> Material provided
Lemma cumprod_stable s : exists M, forall j, M < Z.abs j -> cumprod j = cumprod (j - s).
Proof.
assert (Hlow : forall j, j < - N -> cumprod j = one X).
{ intros j Hj; unfold cumprod; replace (Z.to_nat (j + N + 1)) with 0%nat by lia; reflexivity. }
assert (Hhigh : forall j, N <= j -> cumprod j = cumprod N).
{ intros j Hj; replace j with (N + Z.of_nat (Z.to_nat (j - N))) by lia.
  induction (Z.to_nat (j - N)) as [|n IHn]; [f_equal; lia|].
  rewrite cumprod_step, g_supp, (mul1g GX) by lia.
  rewrite <- IHn; f_equal; lia. }
exists (Z.abs N + Z.abs s); intros j Hj.
destruct (Z_lt_dec j 0); [rewrite !Hlow by lia | rewrite (Hhigh j), (Hhigh (j - s)) by lia];
  reflexivity.
Qed.

End CumulativeProduct.

Lemma wreath_embed_of_unit_shift X B m (K : car (Wreath X) -> Prop) g :
  is_group X -> is_group B -> solvable_embed X m B ->
  is_subgroup (Wreath X) K -> K (g, 1) -> trivial_set (Wreath X) (derived (Wreath X) (S m) K) ->
  embeds_into (Wreath X) K (Wreath B).
Proof.
intros GX GB E HK Kg T.
destruct (proj2_sig g) as [N HN].
set (c := cumprod X (proj1_sig g) N).
pose (conj := conjw X GX c (cumprod_stable X GX (proj1_sig g) N HN)).
assert (Hhom : hom_on (Wreath X) (Wreath X) conj K) by (intros x y _ _; apply conjw_hom; exact I).
assert (Hinj : inj_on (Wreath X) (Wreath X) conj K) by (intros x y _ _; apply conjw_inj; exact I).
pose proof (Wreath_group X GX) as GW.
assert (Kshift : img _ _ conj K (fs_one X, 1)).
{ exists (g, 1); split; [exact Kg|].
  unfold conj, conjw; simpl; f_equal; fs_ext i; unfold conj_coord; simpl.
  rewrite <- (mulgA GX), <- (cumprod_step X (proj1_sig g) N HN), (mulVg GX); reflexivity. }
apply (embeds_comp _ _ _ conj K Hhom Hinj).
apply (wreath_embed_of_pure_shift X GX _ (img_is_subgroup _ _ GW GW conj K HK Hhom) Kshift
         B m GB E).
exact (img_trivial _ _ GW GW conj K (S m) HK Hhom T).
Qed.

Section Regroup.

Variable A : grp.
Variable d : Z.

Definition block (h : FS A) (q r : Z) : car A :=
  if andb (0 <=? r) (r <? d) then proj1_sig h (q * d + r) else one A.

Lemma finsupp_block h q : finsupp A (block h q).
Proof.
exists (Z.abs d); intros r Hr; unfold block.
destruct (Z.leb_spec 0 r), (Z.ltb_spec r d); simpl; [lia | reflexivity ..].
Qed.

Definition blocks (h : FS A) (q : Z) : FS A := exist _ _ (finsupp_block h q).

Lemma finsupp_blocks h : finsupp (DS A) (blocks h).
Proof.
destruct (proj2_sig h) as [N HN]; exists (Z.abs N); intros q Hq; fs_ext r; unfold block.
destruct (Z.leb_spec 0 r), (Z.ltb_spec r d); simpl; try reflexivity.
apply HN; nia.
Qed.

Definition regroup (k : car (Wreath A)) : car (Wreath (DS A)) :=
  (exist _ _ (finsupp_blocks (fst k)), snd k / d).

Hypothesis d_pos : 0 < d.

Definition shift_in_dZ (k : car (Wreath A)) : Prop := (d | snd k).

Lemma regroup_hom : hom_on (Wreath A) (Wreath (DS A)) regroup shift_in_dZ.
Proof.
intros [f s] [g t] [a Ha] [b Hb]; simpl in Ha, Hb; subst s t.
unfold regroup; simpl; unfold wr_mul; simpl; f_equal.
- apply (FS_eq (DS A)), functional_extensionality; intros q.
  apply FS_eq, functional_extensionality; intros r.
  simpl; unfold block; rewrite Z.div_mul by lia.
  destruct (andb (0 <=? r) (r <? d)); [simpl; do 2 f_equal; ring | symmetry; apply mul11].
- rewrite <- Z.mul_add_distr_r, !Z.div_mul by lia; reflexivity.
Qed.

Lemma regroup_inj : inj_on (Wreath A) (Wreath (DS A)) regroup shift_in_dZ.
Proof.
intros [f s] [g t] [a Ha] [b Hb] E; simpl in Ha, Hb; subst s t.
pose proof (f_equal snd E) as Es; simpl in Es; rewrite !Z.div_mul in Es by lia; subst b.
f_equal; fs_ext j.
pose proof (f_equal (fun k => proj1_sig (proj1_sig (fst k) (j / d)) (j mod d)) E) as Ej.
simpl in Ej; unfold block in Ej.
pose proof (Z.mod_pos_bound j d d_pos).
destruct (Z.leb_spec 0 (j mod d)), (Z.ltb_spec (j mod d) d); try lia; simpl in Ej.
rewrite (Z.div_mod j d), Z.mul_comm by lia; exact Ej.
Qed.

End Regroup.

Lemma fst_hom_on_base A : hom_on (Wreath A) (DS A) fst (fun k => snd k = 0).
Proof. intros [f s] [g t] Hs _; simpl in Hs; subst s; fs_ext i; rewrite Z.sub_0_r; reflexivity. Qed.

Lemma fst_inj_on_base A : inj_on (Wreath A) (DS A) fst (fun k => snd k = 0).
Proof. intros [f s] [g t] Hs Ht E; simpl in *; subst; reflexivity. Qed.

Lemma wreath_shifts_cyclic A K k0 : is_subgroup (Wreath A) K -> K k0 -> snd k0 <> 0 ->
  exists t, K t /\ 0 < snd t /\ subset (Wreath A) K (shift_in_dZ A (snd t)).
Proof.
intros [K1 [KM KV]] Kk0 Hk0.
destruct (Zsubgroup_generator (fun s => exists k, K k /\ snd k = s)) with (snd k0)
  as (d & Hd & [t [Kt <-]] & Hdiv); eauto.
- intros _ _ [k [Kk <-]] [l [Kl <-]]; exists (mul _ k (inv _ l)); auto.
- exists t; repeat split; auto; intros k Kk; apply Hdiv; eauto.
Qed.

Lemma wreath_embed_regroup A B m K t : is_group A -> is_group B -> solvable_embed (DS A) m B ->
  is_subgroup (Wreath A) K -> K t -> 0 < snd t -> subset (Wreath A) K (shift_in_dZ A (snd t)) ->
  trivial_set (Wreath A) (derived (Wreath A) (S m) K) -> embeds_into (Wreath A) K (Wreath B).
Proof.
intros GA GB E HK Kt Ht HdK T.
assert (Hhom : hom_on _ _ (regroup A (snd t)) K) by (intros x y Kx Ky; apply regroup_hom; auto).
assert (Hinj : inj_on _ _ (regroup A (snd t)) K) by (intros x y Kx Ky; apply regroup_inj; auto).
pose proof (Wreath_group A GA) as GW; pose proof (Wreath_group (DS A) (DS_group A GA)) as GW'.
apply (embeds_comp _ _ _ (regroup A (snd t)) K Hhom Hinj).
apply (wreath_embed_of_unit_shift _ _ m _ (fst (regroup A (snd t) t))); auto using DS_group.
- apply img_is_subgroup; auto.
- exists t; split; [exact Kt|]; unfold regroup; simpl; rewrite Z.div_same by lia; reflexivity.
- apply img_trivial; auto.
Qed.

> Problem requirements
Extract the entries above verbatim.

> The answer
Lemma cumprod_stable s : exists M, forall j, M < Z.abs j -> cumprod j = cumprod (j - s).
Proof.
assert (Hlow : forall j, j < - N -> cumprod j = one X).
{ intros j Hj; unfold cumprod; replace (Z.to_nat (j + N + 1)) with 0%nat by lia; reflexivity. }
assert (Hhigh : forall j, N <= j -> cumprod j = cumprod N).
{ intros j Hj; replace j with (N + Z.of_nat (Z.to_nat (j - N))) by lia.
  induction (Z.to_nat (j - N)) as [|n IHn]; [f_equal; lia|].
  rewrite cumprod_step, g_supp, (mul1g GX) by lia.
  rewrite <- IHn; f_equal; lia. }
exists (Z.abs N + Z.abs s); intros j Hj.
destruct (Z_lt_dec j 0); [rewrite !Hlow by lia | rewrite (Hhigh j), (Hhigh (j - s)) by lia];
  reflexivity.
Qed.

End CumulativeProduct.

Lemma wreath_embed_of_unit_shift X B m (K : car (Wreath X) -> Prop) g :
  is_group X -> is_group B -> solvable_embed X m B ->
  is_subgroup (Wreath X) K -> K (g, 1) -> trivial_set (Wreath X) (derived (Wreath X) (S m) K) ->
  embeds_into (Wreath X) K (Wreath B).
Proof.
intros GX GB E HK Kg T.
destruct (proj2_sig g) as [N HN].
set (c := cumprod X (proj1_sig g) N).
pose (conj := conjw X GX c (cumprod_stable X GX (proj1_sig g) N HN)).
assert (Hhom : hom_on (Wreath X) (Wreath X) conj K) by (intros x y _ _; apply conjw_hom; exact I).
assert (Hinj : inj_on (Wreath X) (Wreath X) conj K) by (intros x y _ _; apply conjw_inj; exact I).
pose proof (Wreath_group X GX) as GW.
assert (Kshift : img _ _ conj K (fs_one X, 1)).
{ exists (g, 1); split; [exact Kg|].
  unfold conj, conjw; simpl; f_equal; fs_ext i; unfold conj_coord; simpl.
  rewrite <- (mulgA GX), <- (cumprod_step X (proj1_sig g) N HN), (mulVg GX); reflexivity. }
apply (embeds_comp _ _ _ conj K Hhom Hinj).
apply (wreath_embed_of_pure_shift X GX _ (img_is_subgroup _ _ GW GW conj K HK Hhom) Kshift
         B m GB E).
exact (img_trivial _ _ GW GW conj K (S m) HK Hhom T).
Qed.

Section Regroup.

Variable A : grp.
Variable d : Z.

Definition block (h : FS A) (q r : Z) : car A :=
  if andb (0 <=? r) (r <? d) then proj1_sig h (q * d + r) else one A.

Lemma finsupp_block h q : finsupp A (block h q).
Proof.
exists (Z.abs d); intros r Hr; unfold block.
destruct (Z.leb_spec 0 r), (Z.ltb_spec r d); simpl; [lia | reflexivity ..].
Qed.

Definition blocks (h : FS A) (q : Z) : FS A := exist _ _ (finsupp_block h q).

Lemma finsupp_blocks h : finsupp (DS A) (blocks h).
Proof.
destruct (proj2_sig h) as [N HN]; exists (Z.abs N); intros q Hq; fs_ext r; unfold block.
destruct (Z.leb_spec 0 r), (Z.ltb_spec r d); simpl; try reflexivity.
apply HN; nia.
Qed.

Definition regroup (k : car (Wreath A)) : car (Wreath (DS A)) :=
  (exist _ _ (finsupp_blocks (fst k)), snd k / d).

Hypothesis d_pos : 0 < d.

Definition shift_in_dZ (k : car (Wreath A)) : Prop := (d | snd k).

Lemma regroup_hom : hom_on (Wreath A) (Wreath (DS A)) regroup shift_in_dZ.
Proof.
intros [f s] [g t] [a Ha] [b Hb]; simpl in Ha, Hb; subst s t.
unfold regroup; simpl; unfold wr_mul; simpl; f_equal.
- apply (FS_eq (DS A)), functional_extensionality; intros q.
  apply FS_eq, functional_extensionality; intros r.
  simpl; unfold block; rewrite Z.div_mul by lia.
  destruct (andb (0 <=? r) (r <? d)); [simpl; do 2 f_equal; ring | symmetry; apply mul11].
- rewrite <- Z.mul_add_distr_r, !Z.div_mul by lia; reflexivity.
Qed.

Lemma regroup_inj : inj_on (Wreath A) (Wreath (DS A)) regroup shift_in_dZ.
Proof.
intros [f s] [g t] [a Ha] [b Hb] E; simpl in Ha, Hb; subst s t.
pose proof (f_equal snd E) as Es; simpl in Es; rewrite !Z.div_mul in Es by lia; subst b.
f_equal; fs_ext j.
pose proof (f_equal (fun k => proj1_sig (proj1_sig (fst k) (j / d)) (j mod d)) E) as Ej.
simpl in Ej; unfold block in Ej.
pose proof (Z.mod_pos_bound j d d_pos).
destruct (Z.leb_spec 0 (j mod d)), (Z.ltb_spec (j mod d) d); try lia; simpl in Ej.
rewrite (Z.div_mod j d), Z.mul_comm by lia; exact Ej.
Qed.

End Regroup.

Lemma fst_hom_on_base A : hom_on (Wreath A) (DS A) fst (fun k => snd k = 0).
Proof. intros [f s] [g t] Hs _; simpl in Hs; subst s; fs_ext i; rewrite Z.sub_0_r; reflexivity. Qed.

Lemma fst_inj_on_base A : inj_on (Wreath A) (DS A) fst (fun k => snd k = 0).
Proof. intros [f s] [g t] Hs Ht E; simpl in *; subst; reflexivity. Qed.

Lemma wreath_shifts_cyclic A K k0 : is_subgroup (Wreath A) K -> K k0 -> snd k0 <> 0 ->
  exists t, K t /\ 0 < snd t /\ subset (Wreath A) K (shift_in_dZ A (snd t)).
Proof.
intros [K1 [KM KV]] Kk0 Hk0.
destruct (Zsubgroup_generator (fun s => exists k, K k /\ snd k = s)) with (snd k0)
  as (d & Hd & [t [Kt <-]] & Hdiv); eauto.
- intros _ _ [k [Kk <-]] [l [Kl <-]]; exists (mul _ k (inv _ l)); auto.
- exists t; repeat split; auto; intros k Kk; apply Hdiv; eauto.
Qed.

Lemma wreath_embed_regroup A B m K t : is_group A -> is_group B -> solvable_embed (DS A) m B ->
  is_subgroup (Wreath A) K -> K t -> 0 < snd t -> subset (Wreath A) K (shift_in_dZ A (snd t)) ->
  trivial_set (Wreath A) (derived (Wreath A) (S m) K) -> embeds_into (Wreath A) K (Wreath B).
Proof.
intros GA GB E HK Kt Ht HdK T.
assert (Hhom : hom_on _ _ (regroup A (snd t)) K) by (intros x y Kx Ky; apply regroup_hom; auto).
assert (Hinj : inj_on _ _ (regroup A (snd t)) K) by (intros x y Kx Ky; apply regroup_inj; auto).
pose proof (Wreath_group A GA) as GW; pose proof (Wreath_group (DS A) (DS_group A GA)) as GW'.
apply (embeds_comp _ _ _ (regroup A (snd t)) K Hhom Hinj).
apply (wreath_embed_of_unit_shift _ _ m _ (fst (regroup A (snd t) t))); auto using DS_group.
- apply img_is_subgroup; auto.
- exists t; split; [exact Kt|]; unfold regroup; simpl; rewrite Z.div_same by lia; reflexivity.
- apply img_trivial; auto.
Qed.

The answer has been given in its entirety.